§ Task goal
Of all the lines below, return only those starting with the line holding "[/\ on_wall wk" and going on through the line holding "(** Let P = P_(i+1)", exactly as written.

[Stored data entries]
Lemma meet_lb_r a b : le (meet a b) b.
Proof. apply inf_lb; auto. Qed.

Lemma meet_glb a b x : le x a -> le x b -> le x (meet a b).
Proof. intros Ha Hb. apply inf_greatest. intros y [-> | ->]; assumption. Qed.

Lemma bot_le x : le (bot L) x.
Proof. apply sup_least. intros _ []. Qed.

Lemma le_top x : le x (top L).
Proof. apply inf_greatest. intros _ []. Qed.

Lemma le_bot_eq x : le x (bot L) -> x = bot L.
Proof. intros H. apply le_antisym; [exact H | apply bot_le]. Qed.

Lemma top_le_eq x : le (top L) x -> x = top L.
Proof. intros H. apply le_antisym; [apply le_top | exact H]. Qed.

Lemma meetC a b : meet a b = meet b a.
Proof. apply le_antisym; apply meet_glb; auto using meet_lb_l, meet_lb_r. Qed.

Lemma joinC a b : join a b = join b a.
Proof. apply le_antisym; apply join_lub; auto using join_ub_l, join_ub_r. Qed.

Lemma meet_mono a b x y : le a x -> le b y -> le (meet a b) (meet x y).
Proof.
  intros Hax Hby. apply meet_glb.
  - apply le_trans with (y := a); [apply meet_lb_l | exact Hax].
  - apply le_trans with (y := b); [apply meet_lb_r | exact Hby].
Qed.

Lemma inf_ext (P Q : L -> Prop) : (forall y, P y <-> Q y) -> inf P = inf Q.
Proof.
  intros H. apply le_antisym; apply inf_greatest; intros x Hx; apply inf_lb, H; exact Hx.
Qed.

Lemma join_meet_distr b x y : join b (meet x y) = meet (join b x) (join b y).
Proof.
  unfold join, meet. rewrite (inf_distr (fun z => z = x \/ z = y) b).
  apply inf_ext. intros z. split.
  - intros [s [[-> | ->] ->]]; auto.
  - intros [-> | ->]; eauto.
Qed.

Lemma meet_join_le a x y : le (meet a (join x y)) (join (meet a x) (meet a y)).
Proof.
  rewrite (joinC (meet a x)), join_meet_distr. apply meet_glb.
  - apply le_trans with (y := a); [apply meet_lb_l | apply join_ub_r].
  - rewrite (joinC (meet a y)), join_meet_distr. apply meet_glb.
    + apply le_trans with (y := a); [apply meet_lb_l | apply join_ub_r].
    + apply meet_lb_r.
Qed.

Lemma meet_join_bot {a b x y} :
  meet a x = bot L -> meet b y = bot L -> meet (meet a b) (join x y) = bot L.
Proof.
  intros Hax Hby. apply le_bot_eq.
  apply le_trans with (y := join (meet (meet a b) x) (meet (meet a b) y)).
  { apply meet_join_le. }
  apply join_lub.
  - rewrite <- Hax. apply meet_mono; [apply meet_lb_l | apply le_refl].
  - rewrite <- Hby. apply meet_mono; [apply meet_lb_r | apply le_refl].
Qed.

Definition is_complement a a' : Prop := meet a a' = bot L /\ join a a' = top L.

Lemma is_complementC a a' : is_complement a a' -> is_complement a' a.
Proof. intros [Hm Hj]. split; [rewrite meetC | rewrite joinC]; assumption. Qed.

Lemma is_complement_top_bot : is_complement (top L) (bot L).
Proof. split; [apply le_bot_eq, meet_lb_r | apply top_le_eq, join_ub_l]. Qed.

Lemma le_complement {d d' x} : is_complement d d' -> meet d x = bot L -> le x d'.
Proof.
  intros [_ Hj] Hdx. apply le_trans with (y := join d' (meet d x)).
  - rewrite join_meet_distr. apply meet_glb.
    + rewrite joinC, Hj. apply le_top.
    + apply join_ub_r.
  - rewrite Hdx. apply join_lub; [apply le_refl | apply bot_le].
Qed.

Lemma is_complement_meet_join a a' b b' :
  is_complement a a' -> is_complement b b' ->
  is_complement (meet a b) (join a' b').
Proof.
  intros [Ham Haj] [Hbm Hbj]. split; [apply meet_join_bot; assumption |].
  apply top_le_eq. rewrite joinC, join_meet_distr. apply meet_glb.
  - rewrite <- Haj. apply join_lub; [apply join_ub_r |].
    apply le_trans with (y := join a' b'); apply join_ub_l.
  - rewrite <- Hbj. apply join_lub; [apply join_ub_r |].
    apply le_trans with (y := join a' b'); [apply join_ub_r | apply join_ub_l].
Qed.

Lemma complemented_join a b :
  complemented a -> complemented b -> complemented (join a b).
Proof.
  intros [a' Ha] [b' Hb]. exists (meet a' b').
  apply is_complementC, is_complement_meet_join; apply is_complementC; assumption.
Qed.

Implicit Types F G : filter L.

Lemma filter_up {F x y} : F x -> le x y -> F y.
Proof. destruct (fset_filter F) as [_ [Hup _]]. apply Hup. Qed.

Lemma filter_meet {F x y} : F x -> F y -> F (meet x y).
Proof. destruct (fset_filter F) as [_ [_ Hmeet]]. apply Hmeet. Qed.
---
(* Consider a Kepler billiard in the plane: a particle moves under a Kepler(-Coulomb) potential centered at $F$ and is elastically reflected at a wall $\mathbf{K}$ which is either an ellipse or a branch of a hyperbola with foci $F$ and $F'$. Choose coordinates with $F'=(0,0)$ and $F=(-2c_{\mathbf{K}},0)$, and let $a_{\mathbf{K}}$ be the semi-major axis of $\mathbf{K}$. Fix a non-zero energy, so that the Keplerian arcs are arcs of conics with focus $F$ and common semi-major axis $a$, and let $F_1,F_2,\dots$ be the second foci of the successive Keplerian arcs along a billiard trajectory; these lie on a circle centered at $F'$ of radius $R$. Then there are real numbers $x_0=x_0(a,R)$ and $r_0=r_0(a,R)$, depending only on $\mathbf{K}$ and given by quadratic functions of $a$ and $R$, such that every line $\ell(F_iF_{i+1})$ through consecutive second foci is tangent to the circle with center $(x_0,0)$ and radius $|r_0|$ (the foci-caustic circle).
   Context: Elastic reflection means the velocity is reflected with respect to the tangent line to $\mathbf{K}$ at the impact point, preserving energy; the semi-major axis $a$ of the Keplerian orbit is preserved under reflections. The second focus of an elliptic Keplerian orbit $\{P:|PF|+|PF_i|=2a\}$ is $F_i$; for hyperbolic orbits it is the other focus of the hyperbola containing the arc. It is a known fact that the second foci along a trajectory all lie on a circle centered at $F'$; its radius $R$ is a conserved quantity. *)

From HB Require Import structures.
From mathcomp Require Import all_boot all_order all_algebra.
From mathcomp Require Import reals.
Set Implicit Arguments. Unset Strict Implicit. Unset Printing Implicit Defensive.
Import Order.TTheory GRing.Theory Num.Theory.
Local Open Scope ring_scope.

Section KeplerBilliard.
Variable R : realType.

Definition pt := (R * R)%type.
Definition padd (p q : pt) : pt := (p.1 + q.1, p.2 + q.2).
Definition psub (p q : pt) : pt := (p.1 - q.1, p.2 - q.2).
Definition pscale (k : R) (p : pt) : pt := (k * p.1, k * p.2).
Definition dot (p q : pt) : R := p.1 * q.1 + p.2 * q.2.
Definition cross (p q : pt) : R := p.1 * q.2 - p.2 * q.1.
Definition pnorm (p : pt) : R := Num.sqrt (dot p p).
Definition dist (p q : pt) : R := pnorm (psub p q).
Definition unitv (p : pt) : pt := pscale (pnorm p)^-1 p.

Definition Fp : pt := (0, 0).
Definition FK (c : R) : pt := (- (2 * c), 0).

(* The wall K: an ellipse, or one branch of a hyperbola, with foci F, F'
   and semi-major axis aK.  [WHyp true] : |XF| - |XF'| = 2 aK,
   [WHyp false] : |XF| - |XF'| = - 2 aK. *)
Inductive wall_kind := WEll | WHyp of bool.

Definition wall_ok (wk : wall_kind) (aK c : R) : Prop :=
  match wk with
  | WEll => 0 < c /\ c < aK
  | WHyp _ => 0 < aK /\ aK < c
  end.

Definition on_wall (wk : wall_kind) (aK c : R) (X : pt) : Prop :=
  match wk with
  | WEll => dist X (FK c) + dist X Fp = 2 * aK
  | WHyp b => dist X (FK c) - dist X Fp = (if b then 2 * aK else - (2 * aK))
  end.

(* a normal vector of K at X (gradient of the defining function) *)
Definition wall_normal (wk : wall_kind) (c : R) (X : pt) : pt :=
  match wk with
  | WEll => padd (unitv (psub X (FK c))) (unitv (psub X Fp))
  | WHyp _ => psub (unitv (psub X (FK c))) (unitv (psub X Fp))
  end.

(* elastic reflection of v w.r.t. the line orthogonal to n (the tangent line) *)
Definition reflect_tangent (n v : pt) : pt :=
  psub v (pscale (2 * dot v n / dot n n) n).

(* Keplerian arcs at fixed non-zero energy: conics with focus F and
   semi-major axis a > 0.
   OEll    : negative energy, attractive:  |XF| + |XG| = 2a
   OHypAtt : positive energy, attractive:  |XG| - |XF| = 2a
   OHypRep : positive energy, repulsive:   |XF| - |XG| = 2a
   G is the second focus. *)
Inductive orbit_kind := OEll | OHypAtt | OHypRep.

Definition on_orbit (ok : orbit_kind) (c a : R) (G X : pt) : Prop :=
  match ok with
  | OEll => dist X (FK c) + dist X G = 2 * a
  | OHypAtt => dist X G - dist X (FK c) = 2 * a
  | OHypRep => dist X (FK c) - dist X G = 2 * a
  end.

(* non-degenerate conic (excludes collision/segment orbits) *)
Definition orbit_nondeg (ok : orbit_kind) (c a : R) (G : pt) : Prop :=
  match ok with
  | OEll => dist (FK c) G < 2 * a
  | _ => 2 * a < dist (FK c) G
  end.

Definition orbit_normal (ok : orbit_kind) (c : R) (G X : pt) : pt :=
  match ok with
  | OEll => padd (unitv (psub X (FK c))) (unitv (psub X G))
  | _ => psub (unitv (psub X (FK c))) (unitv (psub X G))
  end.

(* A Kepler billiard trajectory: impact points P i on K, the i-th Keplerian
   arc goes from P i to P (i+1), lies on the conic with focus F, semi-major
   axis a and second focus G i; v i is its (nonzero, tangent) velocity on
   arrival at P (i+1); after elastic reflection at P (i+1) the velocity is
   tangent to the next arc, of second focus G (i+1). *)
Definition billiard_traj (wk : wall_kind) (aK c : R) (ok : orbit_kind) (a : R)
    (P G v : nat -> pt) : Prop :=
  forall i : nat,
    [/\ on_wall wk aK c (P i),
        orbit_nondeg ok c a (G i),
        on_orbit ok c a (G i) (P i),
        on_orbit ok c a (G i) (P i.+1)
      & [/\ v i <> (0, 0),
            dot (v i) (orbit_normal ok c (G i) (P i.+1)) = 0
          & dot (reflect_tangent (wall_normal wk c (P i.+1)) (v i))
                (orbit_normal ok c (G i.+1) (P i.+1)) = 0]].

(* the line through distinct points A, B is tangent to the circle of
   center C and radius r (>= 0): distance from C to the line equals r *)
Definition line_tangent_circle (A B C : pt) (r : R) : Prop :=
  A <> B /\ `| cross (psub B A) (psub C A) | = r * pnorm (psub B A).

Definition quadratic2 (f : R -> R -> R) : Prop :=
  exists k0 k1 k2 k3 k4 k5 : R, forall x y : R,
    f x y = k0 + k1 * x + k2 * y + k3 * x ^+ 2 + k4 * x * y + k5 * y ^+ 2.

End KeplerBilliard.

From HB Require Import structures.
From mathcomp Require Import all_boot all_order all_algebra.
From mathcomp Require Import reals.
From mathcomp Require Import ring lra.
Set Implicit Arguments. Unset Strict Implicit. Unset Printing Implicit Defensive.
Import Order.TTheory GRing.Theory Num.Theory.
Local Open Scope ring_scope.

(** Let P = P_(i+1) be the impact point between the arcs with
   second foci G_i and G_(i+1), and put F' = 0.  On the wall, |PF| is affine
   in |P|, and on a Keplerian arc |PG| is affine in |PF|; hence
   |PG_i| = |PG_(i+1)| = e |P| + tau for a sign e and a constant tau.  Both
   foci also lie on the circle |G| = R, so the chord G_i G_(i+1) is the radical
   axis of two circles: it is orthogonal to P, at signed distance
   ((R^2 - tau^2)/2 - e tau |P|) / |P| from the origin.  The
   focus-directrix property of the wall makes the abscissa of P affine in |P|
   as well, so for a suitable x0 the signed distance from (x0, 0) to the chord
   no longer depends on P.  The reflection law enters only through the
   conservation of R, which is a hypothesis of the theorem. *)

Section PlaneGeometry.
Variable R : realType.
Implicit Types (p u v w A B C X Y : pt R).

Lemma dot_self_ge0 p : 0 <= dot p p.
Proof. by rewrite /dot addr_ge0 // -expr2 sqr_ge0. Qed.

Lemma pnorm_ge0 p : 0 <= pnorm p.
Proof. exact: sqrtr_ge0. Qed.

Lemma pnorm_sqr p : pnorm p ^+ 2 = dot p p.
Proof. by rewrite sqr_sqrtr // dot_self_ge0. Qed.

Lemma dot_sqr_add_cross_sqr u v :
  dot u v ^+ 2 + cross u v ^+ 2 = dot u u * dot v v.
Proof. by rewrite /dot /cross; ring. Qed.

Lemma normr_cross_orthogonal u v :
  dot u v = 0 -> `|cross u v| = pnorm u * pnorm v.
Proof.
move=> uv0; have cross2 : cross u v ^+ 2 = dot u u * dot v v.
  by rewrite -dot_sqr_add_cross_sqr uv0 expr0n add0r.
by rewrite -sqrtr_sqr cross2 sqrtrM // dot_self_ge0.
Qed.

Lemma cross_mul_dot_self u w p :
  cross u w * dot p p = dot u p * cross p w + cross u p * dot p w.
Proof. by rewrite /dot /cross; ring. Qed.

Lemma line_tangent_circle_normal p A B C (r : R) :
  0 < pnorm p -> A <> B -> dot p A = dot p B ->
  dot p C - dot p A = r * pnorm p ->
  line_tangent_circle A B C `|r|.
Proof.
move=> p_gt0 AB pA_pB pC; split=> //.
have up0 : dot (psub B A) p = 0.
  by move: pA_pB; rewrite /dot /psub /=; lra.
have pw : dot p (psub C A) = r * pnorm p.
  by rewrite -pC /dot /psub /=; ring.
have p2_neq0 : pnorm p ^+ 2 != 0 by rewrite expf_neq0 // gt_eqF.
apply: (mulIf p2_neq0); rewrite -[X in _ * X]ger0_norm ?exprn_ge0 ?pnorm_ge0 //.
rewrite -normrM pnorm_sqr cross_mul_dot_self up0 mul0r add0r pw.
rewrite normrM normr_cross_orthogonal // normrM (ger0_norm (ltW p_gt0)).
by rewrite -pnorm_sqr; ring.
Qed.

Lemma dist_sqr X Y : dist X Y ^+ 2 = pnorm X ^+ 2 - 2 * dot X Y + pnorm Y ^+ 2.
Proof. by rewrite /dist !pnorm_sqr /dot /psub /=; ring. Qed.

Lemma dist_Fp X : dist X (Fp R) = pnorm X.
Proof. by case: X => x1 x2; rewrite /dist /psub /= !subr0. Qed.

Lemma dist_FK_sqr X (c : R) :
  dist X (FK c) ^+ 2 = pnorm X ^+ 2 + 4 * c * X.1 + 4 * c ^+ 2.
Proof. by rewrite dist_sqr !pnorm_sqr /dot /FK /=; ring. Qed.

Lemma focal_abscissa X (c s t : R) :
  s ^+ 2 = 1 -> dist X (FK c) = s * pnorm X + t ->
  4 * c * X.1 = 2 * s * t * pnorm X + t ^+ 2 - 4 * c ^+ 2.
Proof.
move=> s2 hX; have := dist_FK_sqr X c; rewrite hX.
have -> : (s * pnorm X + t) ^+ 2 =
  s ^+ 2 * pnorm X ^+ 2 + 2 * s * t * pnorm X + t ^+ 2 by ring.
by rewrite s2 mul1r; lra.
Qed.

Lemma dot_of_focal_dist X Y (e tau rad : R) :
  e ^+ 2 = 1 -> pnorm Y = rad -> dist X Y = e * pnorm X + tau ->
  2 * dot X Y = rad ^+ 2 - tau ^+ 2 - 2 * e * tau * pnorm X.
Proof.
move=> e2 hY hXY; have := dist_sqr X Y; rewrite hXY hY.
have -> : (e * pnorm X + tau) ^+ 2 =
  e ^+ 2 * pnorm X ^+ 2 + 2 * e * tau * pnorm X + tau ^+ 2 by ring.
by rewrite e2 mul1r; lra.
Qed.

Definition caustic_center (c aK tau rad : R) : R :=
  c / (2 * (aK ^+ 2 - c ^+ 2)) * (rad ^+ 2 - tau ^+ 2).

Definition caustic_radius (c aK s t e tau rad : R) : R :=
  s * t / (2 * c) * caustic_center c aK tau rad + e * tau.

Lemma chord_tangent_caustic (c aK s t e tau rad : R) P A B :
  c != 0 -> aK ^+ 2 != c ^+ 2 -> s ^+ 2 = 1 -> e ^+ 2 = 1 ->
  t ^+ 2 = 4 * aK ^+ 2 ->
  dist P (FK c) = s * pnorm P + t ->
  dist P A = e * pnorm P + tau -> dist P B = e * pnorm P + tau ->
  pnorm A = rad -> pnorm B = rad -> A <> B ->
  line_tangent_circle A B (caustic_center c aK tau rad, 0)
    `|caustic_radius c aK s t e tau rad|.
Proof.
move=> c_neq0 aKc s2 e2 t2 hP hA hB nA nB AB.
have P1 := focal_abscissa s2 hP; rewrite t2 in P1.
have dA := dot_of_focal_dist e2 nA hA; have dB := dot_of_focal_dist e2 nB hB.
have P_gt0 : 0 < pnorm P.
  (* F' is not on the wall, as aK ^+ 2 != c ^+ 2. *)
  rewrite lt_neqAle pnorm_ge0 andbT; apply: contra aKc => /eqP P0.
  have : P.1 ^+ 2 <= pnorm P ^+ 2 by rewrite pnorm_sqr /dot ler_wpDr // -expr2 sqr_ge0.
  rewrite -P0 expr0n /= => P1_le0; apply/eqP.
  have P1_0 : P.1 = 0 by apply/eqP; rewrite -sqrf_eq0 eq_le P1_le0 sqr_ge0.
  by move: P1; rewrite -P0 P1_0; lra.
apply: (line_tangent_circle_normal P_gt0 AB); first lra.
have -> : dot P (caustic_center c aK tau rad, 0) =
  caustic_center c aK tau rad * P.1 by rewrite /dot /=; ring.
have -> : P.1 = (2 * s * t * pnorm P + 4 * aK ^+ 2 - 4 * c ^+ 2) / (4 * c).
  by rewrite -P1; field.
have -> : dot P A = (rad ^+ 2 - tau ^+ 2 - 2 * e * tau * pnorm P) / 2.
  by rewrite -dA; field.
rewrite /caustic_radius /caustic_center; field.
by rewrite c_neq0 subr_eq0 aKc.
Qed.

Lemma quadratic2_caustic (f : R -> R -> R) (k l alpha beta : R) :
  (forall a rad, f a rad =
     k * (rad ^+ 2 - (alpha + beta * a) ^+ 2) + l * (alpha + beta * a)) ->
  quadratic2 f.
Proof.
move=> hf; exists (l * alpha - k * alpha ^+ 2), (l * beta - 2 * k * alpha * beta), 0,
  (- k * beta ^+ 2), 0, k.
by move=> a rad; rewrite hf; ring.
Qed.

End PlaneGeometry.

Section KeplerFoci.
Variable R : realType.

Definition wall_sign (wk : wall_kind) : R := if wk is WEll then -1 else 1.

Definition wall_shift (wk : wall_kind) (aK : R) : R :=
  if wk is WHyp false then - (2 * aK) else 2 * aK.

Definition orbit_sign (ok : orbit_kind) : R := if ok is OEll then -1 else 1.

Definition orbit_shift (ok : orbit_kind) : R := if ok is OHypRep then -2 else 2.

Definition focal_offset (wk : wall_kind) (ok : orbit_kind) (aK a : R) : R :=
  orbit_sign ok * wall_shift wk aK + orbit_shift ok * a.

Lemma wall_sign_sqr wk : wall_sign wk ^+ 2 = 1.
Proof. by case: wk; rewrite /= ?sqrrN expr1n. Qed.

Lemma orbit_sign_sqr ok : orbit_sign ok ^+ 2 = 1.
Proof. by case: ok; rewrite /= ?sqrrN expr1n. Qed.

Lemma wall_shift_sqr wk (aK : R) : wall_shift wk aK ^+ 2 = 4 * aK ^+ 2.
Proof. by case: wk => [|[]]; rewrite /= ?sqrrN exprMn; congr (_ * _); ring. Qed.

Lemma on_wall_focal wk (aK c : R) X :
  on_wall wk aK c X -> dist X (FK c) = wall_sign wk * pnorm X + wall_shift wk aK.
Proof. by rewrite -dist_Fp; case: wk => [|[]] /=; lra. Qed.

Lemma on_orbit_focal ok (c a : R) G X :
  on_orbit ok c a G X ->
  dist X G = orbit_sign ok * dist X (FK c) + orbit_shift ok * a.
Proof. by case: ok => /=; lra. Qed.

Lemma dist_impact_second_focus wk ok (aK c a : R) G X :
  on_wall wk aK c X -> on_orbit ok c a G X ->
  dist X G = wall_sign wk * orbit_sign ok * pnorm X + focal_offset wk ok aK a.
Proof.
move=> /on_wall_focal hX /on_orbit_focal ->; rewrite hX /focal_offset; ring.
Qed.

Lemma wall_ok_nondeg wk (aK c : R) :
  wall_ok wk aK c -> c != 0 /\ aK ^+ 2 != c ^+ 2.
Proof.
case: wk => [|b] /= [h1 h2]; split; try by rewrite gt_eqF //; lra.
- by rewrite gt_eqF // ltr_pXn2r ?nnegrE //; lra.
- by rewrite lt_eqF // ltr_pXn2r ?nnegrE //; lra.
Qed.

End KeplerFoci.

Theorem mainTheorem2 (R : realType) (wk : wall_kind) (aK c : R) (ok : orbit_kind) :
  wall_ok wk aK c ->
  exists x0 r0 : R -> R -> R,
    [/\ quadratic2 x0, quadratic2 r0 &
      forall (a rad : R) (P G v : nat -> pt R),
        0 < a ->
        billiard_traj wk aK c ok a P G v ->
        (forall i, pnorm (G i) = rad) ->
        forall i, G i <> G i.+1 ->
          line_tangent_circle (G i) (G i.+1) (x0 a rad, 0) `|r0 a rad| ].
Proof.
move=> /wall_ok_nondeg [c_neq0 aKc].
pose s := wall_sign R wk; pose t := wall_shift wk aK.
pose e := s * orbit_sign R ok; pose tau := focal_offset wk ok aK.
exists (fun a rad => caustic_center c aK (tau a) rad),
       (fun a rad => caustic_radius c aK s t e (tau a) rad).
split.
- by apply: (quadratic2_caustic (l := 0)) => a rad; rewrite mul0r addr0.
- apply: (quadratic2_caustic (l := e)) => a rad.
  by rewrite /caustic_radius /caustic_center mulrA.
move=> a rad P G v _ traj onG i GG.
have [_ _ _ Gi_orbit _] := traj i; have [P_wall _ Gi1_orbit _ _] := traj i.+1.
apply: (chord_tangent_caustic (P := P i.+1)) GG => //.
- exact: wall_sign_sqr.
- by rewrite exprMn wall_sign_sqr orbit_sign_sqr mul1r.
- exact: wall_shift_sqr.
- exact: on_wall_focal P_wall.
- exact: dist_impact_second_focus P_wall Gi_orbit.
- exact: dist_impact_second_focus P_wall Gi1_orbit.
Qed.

§ Exercise response
    [/\ on_wall wk aK c (P i),
        orbit_nondeg ok c a (G i),
        on_orbit ok c a (G i) (P i),
        on_orbit ok c a (G i) (P i.+1)
      & [/\ v i <> (0, 0),
            dot (v i) (orbit_normal ok c (G i) (P i.+1)) = 0
          & dot (reflect_tangent (wall_normal wk c (P i.+1)) (v i))
                (orbit_normal ok c (G i.+1) (P i.+1)) = 0]].

(* the line through distinct points A, B is tangent to the circle of
   center C and radius r (>= 0): distance from C to the line equals r *)
Definition line_tangent_circle (A B C : pt) (r : R) : Prop :=
  A <> B /\ `| cross (psub B A) (psub C A) | = r * pnorm (psub B A).

Definition quadratic2 (f : R -> R -> R) : Prop :=
  exists k0 k1 k2 k3 k4 k5 : R, forall x y : R,
    f x y = k0 + k1 * x + k2 * y + k3 * x ^+ 2 + k4 * x * y + k5 * y ^+ 2.

End KeplerBilliard.

From HB Require Import structures.
From mathcomp Require Import all_boot all_order all_algebra.
From mathcomp Require Import reals.
From mathcomp Require Import ring lra.
Set Implicit Arguments. Unset Strict Implicit. Unset Printing Implicit Defensive.
Import Order.TTheory GRing.Theory Num.Theory.
Local Open Scope ring_scope.

(** Let P = P_(i+1) be the impact point between the arcs with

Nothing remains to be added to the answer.